Uma decisão unânime da 1ª Turma do Supremo Tribunal Federal (STF) está provocando questionamentos no meio jurídico sobre, de um lado, o alcance das investigações de casos de crimes de colarinho branco e, de outro, garantias fundamentais do cidadão no Estado democrático de Direito.
Na terça-feira (2), o colegiado ratificou decisão monocrática do ministro Cristiano Zanin que permite à polícia e ao Ministério Público acesso direto a relatórios de inteligência do Conselho de Controle de Atividades Financeiras (Coaf) sem autorização prévia da Justiça. No entendimento de muitos advogados, essas medidas fragilizam direitos constitucionais, como os sigilos bancário e fiscal.
A decisão, que anulou entendimento contrário do Superior Tribunal de Justiça (STJ), que mantinha exigência de autorização judicial, na prática, facilita o trabalho de investigações sobre crimes de lavagem de dinheiro, tráfico de drogas e terrorismo. Por outro lado, advertem advogados, pode expor dados sigilosos de cidadãos e empresas, facilitar a chamada "pescaria probatória" e resultar em abuso de poder.
No Estado, um dos críticos da decisão é o advogado e ex-presidente da Ordem dos Advogados do Brasil (OAB) no Rio Grande do Sul entre 2016 e 2021 Ricardo Breier, que entende que o cidadão ficará mais vulnerável.
- Posso não ser investigado, e a polícia simplesmente, por suspeitar de um ilícito que eu tenha praticado, solicitar dados diretamente ao Coaf sem fundamentação, alegando apenas que estão fazendo uma investigação. Mas qual o objeto da investigação? Quais os fundamentos? O que leva a uma necessidade de quebra de sigilo constitucionalmente protegido? - questiona o advogado, que espera que o tema seja reavaliado pelo pleno do STF.
A iniciativa do Supremo ocorre em meio ao contexto de decisões de tribunais que absolveram pessoas denunciadas pelo MP a partir de provas compartilhadas do Coaf, sem autorização judicial. O caso específico analisado em Brasília foi o julgamento de um recurso apresentado em uma reclamação do MP do Pará, que questionou decisão do STJ sobre o compartilhamento de dados entre a polícia e o Coaf sem autorização judicial. A Corte anulou o inquérito sobre sonegação de R$ 600 milhões de uma cervejaria porque o Coaf enviou um relatório sobre transações suspeitas a pedido dos investigadores. O entendimento é que houve produção de provas por encomenda. A decisão da 1ª Turma do STF entende que o STJ interpretou o tema de forma equivocada.
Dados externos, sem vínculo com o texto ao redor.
Lemma full_nonempty phi g : prefixA g -> full k a phi g -> nonempty k a phi g.
Proof.
move=> hg hf; have hz := inA_zeros hg.
by exists (g ++ nseq (k - 1 - size g) 0); split;
  [done | exact: prefix_prefix | exact: hf hz (prefix_prefix _ _)].
Qed.

Lemma setone_mono phi x g :
  (nonempty k a phi g -> nonempty k a (setone phi x) g) /\
  (full k a phi g -> full k a (setone phi x) g).
Proof.
split=> [[y [hy hgy hphi]]|hf y hy hgy]; last by rewrite /setone hf ?orbT.
by exists y; split; rewrite /setone ?hphi ?orbT.
Qed.

Lemma setone_off phi x g :
  (forall y, inA k a y -> prefix g y -> y != x) ->
  (nonempty k a (setone phi x) g <-> nonempty k a phi g) /\
  (full k a (setone phi x) g <-> full k a phi g).
Proof.
move=> hx; have hphi y : inA k a y -> prefix g y -> setone phi x y = phi y.
  by move=> hy hgy; rewrite /setone (negbTE (hx y hy hgy)).
split; split; try by case: (setone_mono phi x g).
- by move=> [y [hy hgy]]; rewrite hphi // => hy'; exists y.
- by move=> hf y hy hgy; rewrite -hphi ?hf.
Qed.

Lemma setone_empty_not_full phi x g : prefixA g -> size g < k - 1 -> 1 < a 2 ->
  empty k a phi g -> ~ full k a (setone phi x) g.
Proof.
(* g has two leaves, with last coordinate 0 and 1, and only one of them is x *)
move=> hg hs ha2 hempty hf; set n := k - 1 - size g.
have hy0 := inA_zeros hg.
have hy1 : inA k a (g ++ rcons (nseq n.-1 0) 1).
  apply: inA_cat; rewrite ?size_rcons ?size_nseq // /n; first lia.
  move=> j hj; rewrite nth_rcons size_nseq; case: (ltngtP j n.-1) => hjn.
  - by rewrite nth_nseq hjn; apply: a_gt0; lia.
  - lia.
  - by rewrite (_ : k - size g - j = 2) //; lia.
have eqx y : inA k a y -> prefix g y -> y = x.
  move=> hy hgy; have := hf y hy hgy; case/orP => [/eqP //|hphi].
  by case: hempty; exists y.
have := congr1 (nth 0 ^~ (size g + n.-1))
  (etrans (eqx _ hy0 (prefix_prefix _ _)) (esym (eqx _ hy1 (prefix_prefix _ _)))).
rewrite !nth_cat ltnNge leq_addr /= addKn nth_nseq nth_rcons size_nseq ltnn eqxx.
by case: ifP.
Qed.

Definition children_mono phi g := forall i j, i < j -> j < a (k - size g) ->
  (nonempty k a phi (rcons g j) -> nonempty k a phi (rcons g i)) /\
  (full k a phi (rcons g j) -> full k a phi (rcons g i)).

Definition mono_listing phi :=
  forall g, prefixA g -> size g < k - 1 -> children_mono phi g.

Definition mono_except_ancestors b phi := forall g, prefixA g -> size g < k - 1 ->
  ~ (prefix g b /\ size g < size b) -> children_mono phi g.

Lemma children_mono_setone_off phi x g : children_mono phi g ->
  (forall y, inA k a y -> prefix g y -> y != x) ->
  children_mono (setone phi x) g.
Proof.
move=> hmono hx i j hij hj.
have off c : forall y, inA k a y -> prefix (rcons g c) y -> y != x.
  by move=> y hy /(prefix_trans (prefix_rcons g c)); apply: hx.
have [ne_i full_i] := setone_off phi (off i).
have [ne_j full_j] := setone_off phi (off j).
have [ne_ji full_ji] := hmono i j hij hj.
by split=> [/ne_j/ne_ji/ne_i|/full_j/full_ji/full_i].
Qed.

Lemma children_mono_setone phi g x c : children_mono phi g ->
  prefix (rcons g c) x ->
  (forall i, i < c -> c < a (k - size g) ->
     nonempty k a (setone phi x) (rcons g i) /\
     (full k a (setone phi x) (rcons g c) -> full k a (setone phi x) (rcons g i))) ->
  children_mono (setone phi x) g.
Proof.
move=> hmono hcx hc i j; case: (eqVneq j c) => [-> hic hca|hjc hij hj].
  by have [ne_i full_i] := hc i hic hca; split.
have off y : inA k a y -> prefix (rcons g j) y -> y != x.
  move=> _ hjy; apply: contra_neq hjc => eyx.
  by rewrite eyx in hjy; apply: prefix_rcons_inj hjy hcx.
have [ne_j full_j] := setone_off phi off.
have [ne_ji full_ji] := hmono i j hij hj.
have [mono_ne mono_full] := setone_mono phi x (rcons g i).
by split=> [/ne_j/ne_ji/mono_ne|/full_j/full_ji/mono_full].
Qed.

Lemma Next_setone phi b phi' : Next k a phi b phi' ->
  exists x, prefix b x /\ phi' = setone phi x.
Proof.
elim=> {phi b phi'} [phi b m _ _|phi b m m' phi' _ _ _ _ [x [hx ->]]].
  by exists (rcons b m); rewrite prefix_rcons.
by exists x; split=> //; apply: prefix_trans (prefix_rcons b m') hx.
Qed.

Lemma mono_except_ancestors_setone phi b x : mono_listing phi -> prefix b x ->
  (prefixA b -> size b < k - 1 -> inA k a x -> children_mono (setone phi x) b) ->
  (forall g, prefixA g -> size g < k - 1 -> size b < size g -> prefix g x ->
     inA k a x -> children_mono (setone phi x) g) ->
  mono_except_ancestors b (setone phi x).
Proof.
move=> hmono hbx hb hdesc g hg hgs hgb.
have [hgx|hgx] := boolP (prefix g x); last first.
  apply: children_mono_setone_off (hmono g hg hgs) _ => y _ hgy.
  by apply: contraNneq hgx => <-.
have [hx|hx] := classic (inA k a x); last first.
  apply: children_mono_setone_off (hmono g hg hgs) _ => y hy _.
  by apply: contra_not_neq hx => <-.
case: (ltnP (size b) (size g)) => hbg; first exact: hdesc.
have egb : g = b.
  apply: (prefix_eq_size hgx hbx); apply/eqP; rewrite eqn_leq hbg /= leqNgt.
  by apply/negP => hlt; apply: hgb; rewrite (prefix_leq_size hgx hbx hbg) hlt.
by rewrite egb in hg hgs *; apply: hb.
Qed.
Ligado ao Ministério da Fazenda e formado por integrantes de vários órgãos de governo, o Coaf tem a função de receber, examinar e identificar operações financeiras suspeitas. Produz dois tipos de Relatórios de Inteligência Financeira (RIF): um "espontâneo", iniciado pelo próprio órgão a partir da análises de indícios de irregularidades apontadas por bancos e cartórios, por exemplo; e outro chamado de "RIF de intercâmbio", produzido a partir de pedidos das autoridades para eventuais investigações, mediante autorização judicial. A decisão do STF extingue a necessidade do aval da Justiça no caso desse segundo tipo.
No ano passado, foram produzidos quase 23 mil relatórios dessa segunda espécie. Se esse número já é alto, mesmo que os casos tenham passado pela análise do Judiciário, que funciona como uma espécie de filtro, com o sinal verde dado pelo Supremo, ele será muito maior.
O voto de Zanin foi acompanhado pelos ministro Flávio Dino, Luiz Fux, Cármen Lúcia e Alexandre de Moraes. Aliás, se os "RIF espontâneo" não pudessem ser compartilhados com policiais e MP, vários casos em andamento, que usam provas originadas de informações do Coaf seriam afetados, entre eles investigações sobre os ataques de 8 de janeiro em Brasília.